William Ernest Hocking - Career

Career

Hocking began teaching as an instructor in comparative religion at Andover Theological Seminary. In 1906 he and his wife moved to the West Coast, where he joined the philosophy faculty at the University of California, Berkeley, under George Howson. In 1908 he was called to Yale, where he served as an assistant professor and published his first major work, The Meaning of God in Human Experience (1912).

In 1914 Hocking returned to Harvard, where he eventually became Alford Professor of Natural Religion, Moral Philosophy and Civil Polity. During World War I, in 1917 he was among the first American civil engineers to reach the front in France. In 1918 he was appointed as an inspector of "war issues" courses in army training camps. His experience led him to write his second book, about morale. Returning to Harvard after the war, Hocking made the rest of his career there.

In 1930-1932, he led the Commission of Appraisal, which studied the foreign mission work of six Protestant Christian denominations in India, Burma, China, and Japan. Protestant missionaries had been doing evangelical work in Asia since the nineteenth century, but several groups noted falling donations and nationalistic resistance, suggesting that changes might be needed.

The Commission's report, entitled Re-Thinking Missions: A Laymen's Inquiry After One Hundred Years (1932) and known as the "Hocking report," reflected changing ideas about the role of western missionaries in other cultures, and generated fierce debate. Commission members traveled to Asian cities to meet missionaries and local people. While in China, Hocking consulted with Pearl S. Buck, who was developing a similar critique of missions and who later threw her support behind the Commission's report. The Commission recommended a greater emphasis on education and welfare, transfer of power to local groups, less reliance on evangelizing, with respectful appreciation for local religions. A recommended related goal was the transition of local leadership and institutions. The Commission also recommended reorganization in the US to coordinate and focus missionary efforts by creating a single organization for Protestant missions.

Influenced by his visit to China, Hocking published a characteristically open minded study of the twelfth-century Chinese philosopher Zhu Xi. He argued that Zhu Xi's thought was “scientific,” which not all European philosophers could claim, and therefore had something to teach westerners about democracy.
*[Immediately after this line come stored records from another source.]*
(* In the line network model (see context), fix $t\ge1$ and view $R_t:=\rho_{\ell+1}(t)$ as a function $g(z_{1,1},\dots,z_{1,\ell},\dots,z_{t,1},\dots,z_{t,\ell})$ of the link states $z_{s,j}\in\{0,1\}$, $1\le s\le t$, $1\le j\le\ell$. Then $g$ is $1$-Lipschitz in each coordinate: changing the value of a single $z_{s,j}$ (all others fixed) changes the value of $g$ by at most $1$.
   Context: Line network model. Fix integers $\ell\ge1$, $n\ge1$. Given link states $z_{t,i}\in\{0,1\}$ ($1$ = link $i$ ON at step $t$), the rank $\rho_i(t)$ of node $N^{(i)}$ after $t$ steps satisfies $\rho_1(t)=n$, $\rho_i(0)=0$ for $2\le i\le\ell+1$, and $\rho_{i+1}(t)=\rho_{i+1}(t-1)+z_{t,i}\mathbf 1\{\rho_i(t-1)>\rho_{i+1}(t-1)\}$ for $t\ge1$, $1\le i\le\ell$. $R_t=\rho_{\ell+1}(t)$ is the number of innovative (linearly independent) packets received at the destination $N^{(\ell+1)}$ after $t$ steps. *)

From mathcomp Require Import all_boot.
Set Implicit Arguments. Unset Strict Implicit. Unset Printing Implicit Defensive.

(* Link states: z t i = true iff link i (from node i to node i+1) is ON at
   step t (1-indexed: t >= 1, 1 <= i <= l).
   rank n z t i = rho_i(t), the rank of node N^(i) after t steps,
   for nodes 1 <= i <= l+1 (values at other indices are irrelevant). *)
Fixpoint rank (n : nat) (z : nat -> nat -> bool) (t : nat) (i : nat) : nat :=
  match t with
  | 0 => if i == 1 then n else 0
  | t'.+1 =>
      if i == 1 then n
      else rank n z t' i +
           (z t'.+1 i.-1 && (rank n z t' i.-1 > rank n z t' i))
  end.

Definition R (l n : nat) (z : nat -> nat -> bool) (t : nat) : nat :=
  rank n z t l.+1.

From mathcomp Require Import all_boot zify.

(* Order link-state assignments pointwise (false < true).
   1. Monotonicity: every rank rho_i(t) is nondecreasing in the link states,
      because one step of the recursion, rho + [z && (rho' > rho)], is
      nondecreasing in the link state z and in the ranks rho, rho'.
   2. One-time perturbation: if z1 <= z2 and they agree at every time except
      s, then rank z2 <= rank z1 + 1 everywhere.  Before time s the ranks
      coincide; at time s the single step adds at most one; after time s the
      recursion preserves the sandwich rank z1 <= rank z2 <= rank z1 + 1.
   3. Changing the single state z_{s,j} turns z into z'; the pointwise meet
      and join of z and z' satisfy the hypotheses of 2 and bracket both z and
      z' by 1, so R_t(z) and R_t(z') differ by at most one. *)

Definition step_update (a a' : nat) (c : bool) : nat := a + (c && (a < a')).

Lemma rank_succ n z t i :
  rank n z t.+1 i = if i == 1 then n else step_update (rank n z t i) (rank n z t i.-1) (z t.+1 i.-1).
Proof. by []. Qed.

Lemma step_update_mono a b a' b' (c1 c2 : bool) :
  a <= b -> a' <= b' -> (c1 ==> c2) -> step_update a a' c1 <= step_update b b' c2.
Proof.
rewrite /step_update => hab hab'; case: c1; case: c2 => //= _;
by case: (ltnP a a'); case: (ltnP b b') => /=; lia.
Qed.

Lemma step_update_sandwich a b a' b' (c : bool) :
  a <= b <= a.+1 -> a' <= b' <= a'.+1 -> step_update b b' c <= (step_update a a' c).+1.
Proof.
rewrite /step_update => /andP[? ?] /andP[? ?]; case: c => /=; last lia.
by case: (ltnP a a'); case: (ltnP b b') => /=; lia.
Qed.

Lemma step_update_relink a a' (c1 c2 : bool) :
  step_update a a' c2 <= (step_update a a' c1).+1.
Proof. by rewrite /step_update; case: c1; case: c2; case: (a < a') => /=; lia. Qed.

Definition links_le (z1 z2 : nat -> nat -> bool) : Prop :=
  forall u i, z1 u i ==> z2 u i.

Section RankPerturbation.

Variable n : nat.

Lemma rank_mono {z1 z2} : links_le z1 z2 -> forall t i, rank n z1 t i <= rank n z2 t i.
Proof.
move=> hz; elim=> [|t IH] i //; rewrite !rank_succ; case: (i == 1) => //.
exact: step_update_mono.
Qed.

Lemma rank_agree_before {z1 z2 s} :
  (forall u i, u != s -> z1 u i = z2 u i) -> forall t i, t < s -> rank n z1 t i = rank n z2 t i.
Proof.
move=> hz; elim=> [|t IH] i ht //; rewrite !rank_succ !IH ?(ltnW ht) // hz //.
by rewrite neq_ltn ht.
Qed.

Lemma rank_perturb_one_step {z1 z2 s} :
  links_le z1 z2 -> (forall u i, u != s -> z1 u i = z2 u i) ->
  forall t i, rank n z2 t i <= (rank n z1 t i).+1.
Proof.
move=> hle hz; elim=> [|t IH] i //; rewrite !rank_succ; case: (i == 1) => //.
have [ts | tNs] := eqVneq t.+1 s.
- rewrite !(rank_agree_before hz) ?ts //; exact: step_update_relink.
- by rewrite hz // step_update_sandwich ?rank_mono ?IH.
Qed.

End RankPerturbation.

Theorem mainTheorem6 (l n t : nat) (hl : 1 <= l) (hn : 1 <= n) (ht : 1 <= t)
  (z z' : nat -> nat -> bool) (s j : nat)
  (hs : 1 <= s <= t) (hj : 1 <= j <= l)
  (hzz' : forall u i, (u, i) != (s, j) -> z u i = z' u i) :
  R l n z t <= (R l n z' t).+1 /\ R l n z' t <= (R l n z t).+1.
Proof.
pose zmeet u i := z u i && z' u i.
pose zjoin u i := z u i || z' u i.
have [meet_z meet_z' z_join z'_join meet_join] : [/\ links_le zmeet z,
    links_le zmeet z', links_le z zjoin, links_le z' zjoin & links_le zmeet zjoin].
  by split=> u i; rewrite /zmeet /zjoin; case: (z u i); case: (z' u i).
have agree_off_s : forall u i, u != s -> zmeet u i = zjoin u i.
  move=> u i us; rewrite /zmeet /zjoin hzz' ?xpair_eqE ?negb_and ?us //.
  by case: (z' u i).
have := rank_perturb_one_step n meet_join agree_off_s t l.+1.
have := rank_mono n meet_z t l.+1; have := rank_mono n meet_z' t l.+1.
have := rank_mono n z_join t l.+1; have := rank_mono n z'_join t l.+1.
rewrite /R; lia.
Qed.
End support.

Section radon_cdf.
Context {R : realType} (mu : probability (R * R)%type R).

Lemma measurable_dot2_le (th : R * R) t :
  measurable ((fun x => dot2 x th) @^-1` `]-oo, t]%classic).
Proof.
have mdot : measurable_fun setT (fun x => dot2 x th).
  by apply: measurable_funD; apply: measurable_funM;
    (exact: measurable_fst || exact: measurable_snd || exact: measurable_cst).
by rewrite -[X in measurable X]setTI; exact: mdot measurableT _ (measurable_itv _).
Qed.

Lemma cdf_radonE th t :
  mu ((fun x => dot2 x th) @^-1` `]-oo, t]%classic) = (cdf_radon mu th t)%:E.
Proof.
by rewrite /cdf_radon fineK // fin_num_measure //; exact: measurable_dot2_le.
Qed.

Lemma cdf_radon_ge0 th t : 0 <= cdf_radon mu th t.
Proof. by rewrite /cdf_radon fine_ge0. Qed.

Lemma cdf_radon_le1 th t : cdf_radon mu th t <= 1.
Proof.
by rewrite -lee_fin -cdf_radonE probability_le1 //; exact: measurable_dot2_le.
Qed.

Lemma S1_norm_le1 (th : R * R) : S1 th -> `|th.1| <= 1 /\ `|th.2| <= 1.
Proof.
by rewrite /S1 /= => th1; split; rewrite ler_norml; apply/andP; split; nra.
Qed.

Lemma dot2_ball {th P y : R * R} {r} :
  S1 th -> ball P r y -> `|dot2 y th - dot2 P th| < 2 * r.
Proof.
move=> /S1_norm_le1 [th1 th2]; rewrite ball_pairE => -[y1 y2].
have -> : dot2 y th - dot2 P th = (y.1 - P.1) * th.1 + (y.2 - P.2) * th.2.
  by rewrite /dot2; ring.
rewrite (le_lt_trans (ler_normD _ _)) // !normrM.
have := ler_piMr (normr_ge0 (y.1 - P.1)) th1.
have := ler_piMr (normr_ge0 (y.2 - P.2)) th2.
lra.
Qed.

Lemma cdf_radon_ge_mass {th P : R * R} {r m t : R} :
  S1 th -> (m%:E <= mu (ball P r))%E -> dot2 P th + 2 * r <= t ->
  m <= cdf_radon mu th t.
Proof.
move=> thS m_le Pt; rewrite -lee_fin -cdf_radonE (le_trans m_le) //.
have mP := measurable_ball_pair P r; have mle := measurable_dot2_le th t.
rewrite le_measure ?inE //.
by move=> y /(dot2_ball thS); rewrite ltr_norml /= in_itv /= => /andP [_]; lra.
Qed.

Lemma cdf_radon_le_mass {th Q : R * R} {r m u : R} :
  S1 th -> (m%:E <= mu (ball Q r))%E -> u <= dot2 Q th - 2 * r ->
  cdf_radon mu th u <= 1 - m.
Proof.
move=> thS m_le uQ; rewrite -lee_fin -cdf_radonE.
have mQ := measurable_ball_pair Q r; have mle := measurable_dot2_le th u.
have sub : (fun x => dot2 x th) @^-1` `]-oo, u]%classic `<=` ~` ball Q r.
  move=> y /=; rewrite in_itv /= => yu /(dot2_ball thS).
  by rewrite ltr_norml => /andP [+ _]; lra.
have mC : measurable (~` ball Q r) by exact: measurableC.
apply: (@le_trans _ _ (mu (~` ball Q r))).
  by apply: le_measure; rewrite ?inE.
have muQ : mu (ball Q r) = (fine (mu (ball Q r)))%:E.
  by rewrite fineK ?fin_num_measure.
rewrite probability_setC // muQ -EFinB lee_fin.
by move: m_le; rewrite muQ lee_fin; lra.
Qed.

Lemma dot2_0l (th : R * R) : dot2 0 th = 0.
Proof. by rewrite /dot2 !mul0r addr0. Qed.

Lemma cdf_radon_eq0 {M : R} {th : R * R} {u : R} :
  S1 th -> mu (ball 0 M) = 1%E ->
  u <= - (2 * M) -> cdf_radon mu th u = 0.
Proof.
move=> thS muM uM; apply/eqP; rewrite eq_le cdf_radon_ge0 andbT.
rewrite -(subrr 1) (cdf_radon_le_mass (Q := 0) (r := M) thS) ?muM //.
by rewrite dot2_0l sub0r.
Qed.

Lemma cdf_radon_eq1 {M : R} {th : R * R} {u : R} :
  S1 th -> mu (ball 0 M) = 1%E ->
  2 * M <= u -> cdf_radon mu th u = 1.
Proof.
move=> thS muM Mu; apply/eqP; rewrite eq_le cdf_radon_le1.
by rewrite (cdf_radon_ge_mass (P := 0) (r := M) thS) ?muM // dot2_0l add0r.
Qed.

End radon_cdf.

Section moments.
Context {R : realType} (rho : probability R R).
Local Open Scope ereal_scope.

Lemma integral_le_cst (f : R -> \bar R) (C : R) : measurable_fun setT f ->
  (forall t, 0 <= f t <= C%:E) -> \int[rho]_t f t <= C%:E.
Proof.
move=> mf fC; apply: (@le_trans _ _ (\int[rho]_t (cst C%:E) t)).
  by apply: ge0_le_integral => // t _; have /andP [] := fC t.
suff -> : \int[rho]_t (cst C%:E) t = C%:E by [].
by rewrite integral_cst // -[RHS]mule1; congr (_ * _); exact: probability_setT.
Qed.

Lemma integral_ge_mass {f : R -> R} {S : set R} {k p : R} :
  measurable_fun setT f -> (forall t, (0 <= f t)%R) -> measurable S ->
  (0 <= k)%R -> (forall t, S t -> (k <= f t)%R) -> p%:E <= rho S ->
  (k * p)%:E <= \int[rho]_t (f t)%:E.
Proof.
move=> mf f0 mS k0 kS pS; have mEf : measurable_fun setT (EFin \o f).
  exact/measurable_EFinP.
apply: (@le_trans _ _ (\int[rho]_(t in S) (f t)%:E)); last first.
  by apply: ge0_subset_integral => // t _; rewrite lee_fin.
apply: (@le_trans _ _ (\int[rho]_(t in S) (cst k%:E) t)); last first.
  by apply: ge0_le_integral => //; exact: measurable_funS mEf.
by rewrite integral_cst // EFinM; apply: lee_wpmul2l; rewrite ?lee_fin.
Qed.

Local Close Scope ereal_scope.

Lemma meanr_bounded {g : R -> R} {K : R} : measurable_fun setT g ->
  (forall t, `|g t| <= K) -> `|meanr rho g| <= K.
Proof.
move=> mg gK; have : (`|\int[rho]_t (g t)%:E| <= K%:E)%E.
  apply: le_trans (le_abse_integral _ _ _) _ => //; first exact/measurable_EFinP.
  apply: integral_le_cst; first exact/measurableT_comp/measurable_EFinP.
  by move=> t; rewrite /= !lee_fin normr_ge0 gK.
by rewrite /meanr; case: (\int[rho]_t (g t)%:E)%E.
Qed.

Lemma stdr_ge {g : R -> R} {K a b p : R} {G H : set R} :
  measurable_fun setT g -> (forall t, `|g t| <= K) ->
  measurable G -> measurable H -> (p%:E <= rho G)%E -> (p%:E <= rho H)%E ->
  (forall t, G t -> g t <= a) -> (forall t, H t -> b <= g t) -> a <= b ->
  Num.sqrt (((b - a) / 2) ^+ 2 * p) <= stdr rho g.
Proof.
move=> mg gK mG mH pG pH Ga Hb ab; rewrite /stdr; apply: ler_wsqrtr.
set c := meanr rho g; have cK : `|c| <= K := meanr_bounded mg gK.
have mf : measurable_fun setT (fun t => (g t - c) ^+ 2).
  by apply: measurable_funX; apply: measurable_funB.
have f0 t : 0 <= (g t - c) ^+ 2 by rewrite sqr_ge0.
have fin : (\int[rho]_t ((g t - c) ^+ 2)%:E)%E \is a fin_num.
  rewrite ge0_fin_numE ?integral_ge0 // => [|t _]; last by rewrite lee_fin.
  apply: (le_lt_trans (integral_le_cst _ ((K + K) ^+ 2) _ _)); last exact: ltry.
    exact/measurable_EFinP.
  move=> t; rewrite !lee_fin f0 /=; have := gK t.
  by move: cK; rewrite !ler_norml => /andP [? ?] /andP [? ?]; nra.
rewrite -lee_fin fineK //.
have [abc|abc] := leP ((a + b) / 2) c.
  apply: (integral_ge_mass mf f0 mG _ _ pG); first exact: sqr_ge0.
  by move=> t /Ga; nra.
apply: (integral_ge_mass mf f0 mH _ _ pH); first exact: sqr_ge0.
by move=> t /Hb; nra.
Qed.

End moments.

Section width_of_a_triangle.
Context {R : realType}.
In 1936, Hocking was invited to give the Hibbert Lectures at Oxford and Cambridge universities in England. These reflected his thinking about the relation of Christianity to other world religions, as he had begun to support a universal religion. According to a review in TIME of the book containing his lectures, Hocking thought the important elements were

"a belief in obligation, in a source of things which is good, in some kind of permanence for what is real in selfhood, and in the human aspect of deity." He pins his hope more on the common people throughout the world than on the theologians, finds in them a "universal sense of the presence of God, and the intuition of the direction in which the will of God lies."